一ヶ月前の死んだ顏はどこにもなく、清々しい笑顔だ。
環境が変わるとここまで明るくなれる子なんだと改めて思った。
弱い者は誰かに依存しなければ生きていけない。
きっとミルも始めはそうだったのだろう。
僕が依存というと、ミルは怒ってしまう。なので、その気持ちを恋だとするのならば、今僕はミルに依存してしまっているのだろう。ほんと情けない男だ。

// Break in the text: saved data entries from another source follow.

(* Let $\mathcal A=\{G\in\mathcal G:\ \overline G\text{ is Abelian}\}$. The sets $\mathcal D=\{G\in\mathcal A:\ \overline G\text{ is divisible}\}$, $\mathcal T=\{G\in\mathcal A:\ \overline G\text{ is a torsion group}\}$ and $\mathcal F=\{G\in\mathcal A:\ \text{every finite Abelian group can be embedded into }\overline G\}$ are $G_\delta$ in $\mathcal A$.
   Context: Let $\mathbb N=\{1,2,3,\dots\}$. Equip $\mathbb N^{\mathbb N\times\mathbb N}$ with the product topology of the discrete topology on $\mathbb N$. Let $\mathcal G$ be the subspace consisting of those $A\in\mathbb N^{\mathbb N\times\mathbb N}$ that are the multiplication table of a group on the underlying set $\mathbb N$ whose identity element is $1$. For $G\in\mathcal G$, $\overline G$ denotes the group on $\mathbb N$ with multiplication table $G$. $\mathcal A$ carries the subspace topology. *)

From HB Require Import structures.
From mathcomp Require Import all_boot all_order all_algebra all_fingroup.
From mathcomp Require Import all_classical topology borel_hierarchy.
Set Implicit Arguments. Unset Strict Implicit. Unset Printing Implicit Defensive.
Local Open Scope classical_set_scope.

(* The index set N = {1,2,3,...} is represented by Rocq's nat = {0,1,2,...}
   via the relabelling k <-> k+1; accordingly the identity element "1" of the
   paper is the number 0 here.  nat carries the discrete topology and the
   ambient space N^(N x N) is {ptws nat * nat -> nat}, the product topology. *)
Definition Space := {ptws (nat * nat) -> nat}.

Definition is_group_table (A : nat * nat -> nat) : Prop :=
  [/\ (forall a b c, A (A (a, b), c) = A (a, A (b, c))),
      (forall a, A (0%N, a) = a /\ A (a, 0%N) = a) &
      (forall a, exists b, A (a, b) = 0%N /\ A (b, a) = 0%N)].

Definition calG : set Space := [set A | is_group_table A].

Definition gpow (A : nat * nat -> nat) (a n : nat) : nat :=
  iter n (fun x => A (x, a)) 0%N.

Definition is_abelian_table (A : nat * nat -> nat) : Prop :=
  forall a b, A (a, b) = A (b, a).

Definition calA : set Space := [set A | calG A /\ is_abelian_table A].

Definition is_divisible_table (A : nat * nat -> nat) : Prop :=
  forall (a n : nat), (0 < n)%N -> exists b, gpow A b n = a.

Definition is_torsion_table (A : nat * nat -> nat) : Prop :=
  forall a, exists2 n, (0 < n)%N & gpow A a n = 0%N.

Definition embeds_all_finite_abelian (A : nat * nat -> nat) : Prop :=
  forall gT : finGroupType, (forall x y : gT, (x * y)%g = (y * x)%g) ->
    exists f : gT -> nat, injective f /\
      (forall x y : gT, f (x * y)%g = A (f x, f y)).

Definition calD : set Space := [set A | calA A /\ is_divisible_table A].
Definition calT : set Space := [set A | calA A /\ is_torsion_table A].
Definition calF : set Space := [set A | calA A /\ embeds_all_finite_abelian A].

From Pilot Require Import Defs.
From HB Require Import structures.
From mathcomp Require Import all_boot all_order all_algebra all_fingroup.
From mathcomp Require Import all_classical topology borel_hierarchy.
Set Implicit Arguments. Unset Strict Implicit. Unset Printing Implicit Defensive.
Local Open Scope classical_set_scope.

(* Each entry [A (x, y)] of a table is a locally constant function of [A], hence
   so is every power [gpow A b n], and "finitely many entries take prescribed
   values" is an open condition.  Divisibility and being torsion are countable
   conjunctions of countable disjunctions of such conditions.  By Cayley's
   theorem every finite abelian group is isomorphic to an abelian subgroup of
   some symmetric group on [0, n); there are countably many of these, and
   embedding a fixed finite group is a union, over the injective maps into
   the carrier, of such conditions. *)

Lemma Gdelta_subspace_bigcap (T : topologicalType) (D : set T) (I : countType)
    (P : set I) (U : I -> set T) :
  (forall i, P i -> open (U i)) ->
  Gdelta (D `&` \bigcap_(i in P) U i : set (subspace D)).
Proof.
move=> oU; pose V i := if `[< P i >] then U i else setT.
exists (fun k => D `&` if unpickle k is Some i then V i else setT).
  move=> k; apply: openI; first exact: open_subspaceT.
  apply: open_subspaceW; case: (unpickle k) => [i|]; last exact: openT.
  by rewrite /V; case: asboolP => [/oU|_] //; exact: openT.
apply/seteqP; split=> [x [Dx Ux] k _|x DUx].
  split=> //; case: (unpickle k) => // i.
  by rewrite /V; case: asboolP => // /Ux.
split; first by case: (DUx 0%N).
move=> i Pi; case: (DUx (pickle i)) => // _.
by rewrite pickleK /V; case: asboolP.
Qed.

Lemma nbhs_eval (A0 : Defs.Space) (t : nat * nat) :
  \forall A \near A0, A t = A0 t.
Proof.
have := (@pointwise_cvgP _ _ (nbhs A0) A0 _).1 (@cvg_id _ (nbhs A0)) t.
move=> /(_ _) /(_ [set A0 t]); apply.
by rewrite nbhs_principalE; apply/principal_filterP.
Qed.

Lemma nbhs_eval_fin (F : finType) (t : F -> nat * nat) (A0 : Defs.Space) :
  \forall A \near A0, forall q, A (t q) = A0 (t q).
Proof. exact: filter_forall (fun q => nbhs_eval A0 (t q)). Qed.

Lemma nbhs_gpow (A0 : Defs.Space) (b n : nat) :
  \forall A \near A0, gpow A b n = gpow A0 b n.
Proof.
elim: n => [|n IHn]; first by near=> A.
near=> A; rewrite /gpow /= -/(gpow A b n) -/(gpow A0 b n).
have -> : gpow A b n = gpow A0 b n by near: A.
by near: A; exact: nbhs_eval.
Unshelve. all: by end_near.
Qed.

Definition gpow_set (b n c : nat) : set Defs.Space := [set A | gpow A b n = c].

Lemma open_gpow_set b n c : open (gpow_set b n c).
Proof.
rewrite openE => A0 powA0; apply: filterS (nbhs_gpow A0 b n) => A eq_pow.
by rewrite /gpow_set /= eq_pow.
Qed.

Definition hom_set (gT : finGroupType) (G : {set gT}) (f : gT -> nat) :
  set Defs.Space :=
  [set A | {in G &, {morph f : x y / (x * y)%g >-> A (x, y)}}].

Lemma open_hom_set (gT : finGroupType) (G : {set gT}) f : open (hom_set G f).
Proof.
rewrite openE => A0 homA0.
apply: filterS (nbhs_eval_fin (fun q : gT * gT => (f q.1, f q.2)) A0).
by move=> A eqA x y xG yG; rewrite homA0 // (eqA (x, y)).
Qed.

Definition embeds_set (gT : finGroupType) (G : {set gT}) : set Defs.Space :=
  \bigcup_(f in [set f : gT -> nat | {in G &, injective f}]) hom_set G f.

Lemma open_embeds_set (gT : finGroupType) (G : {set gT}) : open (embeds_set G).
Proof. by apply: bigcup_open => f _; exact: open_hom_set. Qed.

Section RegularRepresentation.
Variable gT : finGroupType.

(* Right multiplication, since MathComp composes permutations left to right. *)
Definition regular_fun (g : gT) (i : 'I_#|gT|) : 'I_#|gT| :=
  enum_rank (enum_val i * g)%g.

Lemma regular_fun_inj g : injective (regular_fun g).
Proof. by move=> i j /enum_rank_inj /mulIg /enum_val_inj. Qed.

Definition regular_perm g : {perm 'I_#|gT|} := perm (@regular_fun_inj g).

Lemma regular_permM : {morph regular_perm : g h / (g * h)%g}.
Proof.
move=> g h; apply/permP => i.
by rewrite permM !permE /regular_fun enum_rankK mulgA.
Qed.

Lemma regular_perm_inj : injective regular_perm.
Proof.
move=> g h /permP /(_ (enum_rank 1%g)); rewrite !permE /regular_fun enum_rankK.
by rewrite !mul1g => /enum_rank_inj.
Qed.

Definition regular_morphism : {morphism [set: gT] >-> {perm 'I_#|gT|}} :=
  Morphism (in2W regular_permM).

End RegularRepresentation.

Lemma calDE :
  calD = calA `&` \bigcap_(p : nat * nat) \bigcup_b gpow_set b p.2.+1 p.1.
Proof.
apply/seteqP; split=> [A [calA_A divA]|A [calA_A rootA]]; split=> //.
  by move=> [a n] _; have [b powb] := divA a n.+1 isT; exists b.
by move=> a [|n] // _; have [b _ powb] := rootA (a, n) I; exists b.
Qed.

Lemma calTE : calT = calA `&` \bigcap_a \bigcup_n gpow_set a n.+1 0%N.
Proof.
apply/seteqP; split=> [A [calA_A torA]|A [calA_A torA]]; split=> //.
  by move=> a _; have [[|n] //] := torA a; exists n.
by move=> a; have [n _ pown] := torA a I; exists n.+1.
Qed.

Lemma embeds_abelian_group (A : nat * nat -> nat) (gT : finGroupType)
    (G : {group gT}) :
  embeds_all_finite_abelian A -> abelian G -> embeds_set G A.
Proof.
move=> embA abG.
have commG (x y : subg_of G) : (x * y)%g = (y * x)%g.
  by apply: subg_inj; exact: (centsP abG) _ (subgP x) _ (subgP y).
have [f [f_inj f_hom]] := embA _ commG.
exists (f \o subg G) => [x y xG yG /f_inj /(congr1 sgval)|x y xG yG /=].
  by rewrite !subgK.
by rewrite -f_hom subgM.
Qed.

Lemma embeds_all_finite_abelian_of_perm (A : nat * nat -> nat) :
  (forall n (G : {group {perm 'I_n}}), abelian G -> embeds_set G A) ->
  embeds_all_finite_abelian A.
Proof.
move=> embA gT commT; set reg := regular_morphism gT.
have abT : abelian [set: gT]%SET by apply/centsP => x _ y _; exact: commT.
have [f f_inj f_hom] := embA _ _ (morphim_abelian reg abT).
have reg_mem g : reg g \in (reg @* [set: gT]%SET)%g by rewrite mem_morphim ?inE.
exists (fun g => f (reg g)); split=> [g h /f_inj|g h].
  by rewrite !reg_mem => /(_ isT isT) /regular_perm_inj.
by rewrite morphM ?inE //; exact: f_hom (reg_mem g) (reg_mem h).
Qed.

Lemma calFE : calF = calA `&`
  \bigcap_(G in [set G : {n & {group {perm 'I_n}}} | abelian (tagged G)])
    embeds_set (tagged G).
Proof.
apply/seteqP; split=> [A [calA_A embA]|A [calA_A embA]]; split=> //.
  by move=> [n G] /= abG; exact: embeds_abelian_group.
apply: embeds_all_finite_abelian_of_perm => n G abG.
exact: (embA (existT _ n G)).
Qed.

Theorem proposition8p5 :
  [/\ Gdelta (calD : set (subspace calA)),
      Gdelta (calT : set (subspace calA)) &
      Gdelta (calF : set (subspace calA))].
Proof.
split; [rewrite calDE | rewrite calTE | rewrite calFE];
  apply: Gdelta_subspace_bigcap => i _.
- by apply: bigcup_open => b _; exact: open_gpow_set.
- by apply: bigcup_open => n _; exact: open_gpow_set.
- exact: open_embeds_set.
Qed.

シトラに依存できなくなったら、次はミルに依存するなんて……。
僕は弱い。
驚くくらいに弱い。
まだまだ心が弱すぎる。シトラに依存しなくて澄んだと思ったのは僕が少し強くなったと錯覚しただけだ。
きっとアイクさんという強く優しい人に依存していただけ。次はミル……。
シトラ、君を助ける資格が僕にあるのか……わらなくなりそうだ。
いや、資格なんて関係ない。シトラという大切な家族を取り戻すために僕は今頑張っているんだ。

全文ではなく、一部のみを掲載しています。